Jackson's faith in his rapping turned out to be well-placed. After the song sold millions of copies and spent seven weeks at the top of the US charts, Bottrell says his manager started getting calls asking L.T.B. to do a full album.
Though I've been confounded by the mystery of the rapping on "Black or White" for years, Bottrell told me that he has, in fact, publicly revealed that he is L.T.B. before. That was in a 2001 interview with Sound on Sound, a publication that describes itself as the "world's premier music recording technology magazine." But, Bottrell said, the revelation flew under the radar due to the technical nature of the publication. (Sample quote: "I just hooked up a Kramer American guitar to a Mesa Boogie amp, miked it with a Beyer M160, and got that gritty sound as I played to his singing.")

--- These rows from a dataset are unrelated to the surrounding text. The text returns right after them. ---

Definition answer (q : state) : option {set V} :=
  verdict (labels q) (degrees q) q.2.1.2 q.2.2.

Lemma foldl_collect q c s :
  foldl (collect q) c s =
  (foldl (count_step (fun u => incident_in [set w : V | w < mid q u] u)) c.1.1.1 s,
   foldl (count_step (incident_in setT)) c.1.1.2 s,
   foldl (find_step (monochromatic (labels q))) c.1.2 s,
   foldl (union_step (odflt ord0 (suspect (labels q) (degrees q)))) c.2 s).
Proof. by elim: s c => [|e s IH] [[[c1 c2] c3] c4] //=; rewrite IH. Qed.

Section Correctness.
Variables (E : {set {set V}}) (s : seq {set V}).
Hypotheses (E_simple : simple_graph E) (s_E : edge_stream E s).

Lemma remaining_pass q : remaining (pass s q) = (remaining q).-1.
Proof. by rewrite /remaining /= inordK // (leq_ltn_trans (leq_pred _) (ltn_ord _)). Qed.

Lemma degrees_pass q u : degrees (pass s q) u = #|nbrs E u|.
Proof.
rewrite /degrees /= foldl_collect foldl_count_step ffunE add0n.
rewrite (count_incident_in E_simple s_E) setIT.
by apply/minn_idPl/ltnW; rewrite -(setIT (nbrs E u)) card_nbrs_lt.
Qed.

Lemma labels_pass q u :
  labels (pass s q) u =
  if (0 < remaining q) && (mid q u <= rep E u) then inord (mid q u) else labels q u.
Proof.
rewrite /labels /= ffunE foldl_collect foldl_count_step ffunE add0n.
rewrite (count_incident_in E_simple s_E) (minn_idPl (ltnW (card_nbrs_lt E_simple _ _))).
by rewrite (leq_card_nbrs_below (rep_nonadj E_simple) (rep_least E_simple)).
Qed.

Lemma labels_iter_pass k : k <= nbits ->
  remaining (iter k (pass s) start) = nbits - k /\
  forall u, labels (iter k (pass s) start) u =
            2 ^ (nbits - k) * (rep E u %/ 2 ^ (nbits - k)) :> nat.
Proof.
elim: k => [_ | k IH lt_k].
  split=> [|u]; rewrite ?subn0 // /labels ffunE divn_small ?muln0 //.
  exact: ltn_trans (ltn_ord _) (trunc_log_ltn _ _).
have [rem_k lab_k] := IH (ltnW lt_k).
have rem_eq : nbits - k = (nbits - k.+1).+1 by rewrite subnSK.
rewrite iterS; set q := iter k (pass s) start in rem_k lab_k *.
split; first by rewrite remaining_pass rem_k rem_eq.
move=> u; rewrite labels_pass /mid rem_k rem_eq /= lab_k rem_eq -[RHS]round_down_halve.
case: ifP => [le_mid | _]; last by rewrite lab_k rem_eq.
by rewrite inordK // (leq_ltn_trans le_mid).
Qed.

I'm no music expert, but I can't think of an earlier example of a huge pop star having a rapper come into their song for a guest verse about two-thirds of the way through the track (something that has become pretty ubiquitous today, on everything from Rihanna's "Umbrella" to Justin Bieber's "Beauty and a Beat"). I asked Bottrell if he had been the first person to do this, and he said, though he had never really thought about it before, he couldn't think of a song where someone had done this before him.
He also explained that, when the song had first been released, he had to make an edited version with the rap cut out because mainstream radio stations had no-rap policies and wouldn't play the song otherwise. "I believe this record might have opened some doors," he explained. "It's always a process, right? I think it changed over the next two years, very quickly."
When I suggested that this might mean that Bottrell might be, without realizing it, one of the most influential rappers of all time, he cut me off with a laugh. "Stop." he said. "No. Don't even go there."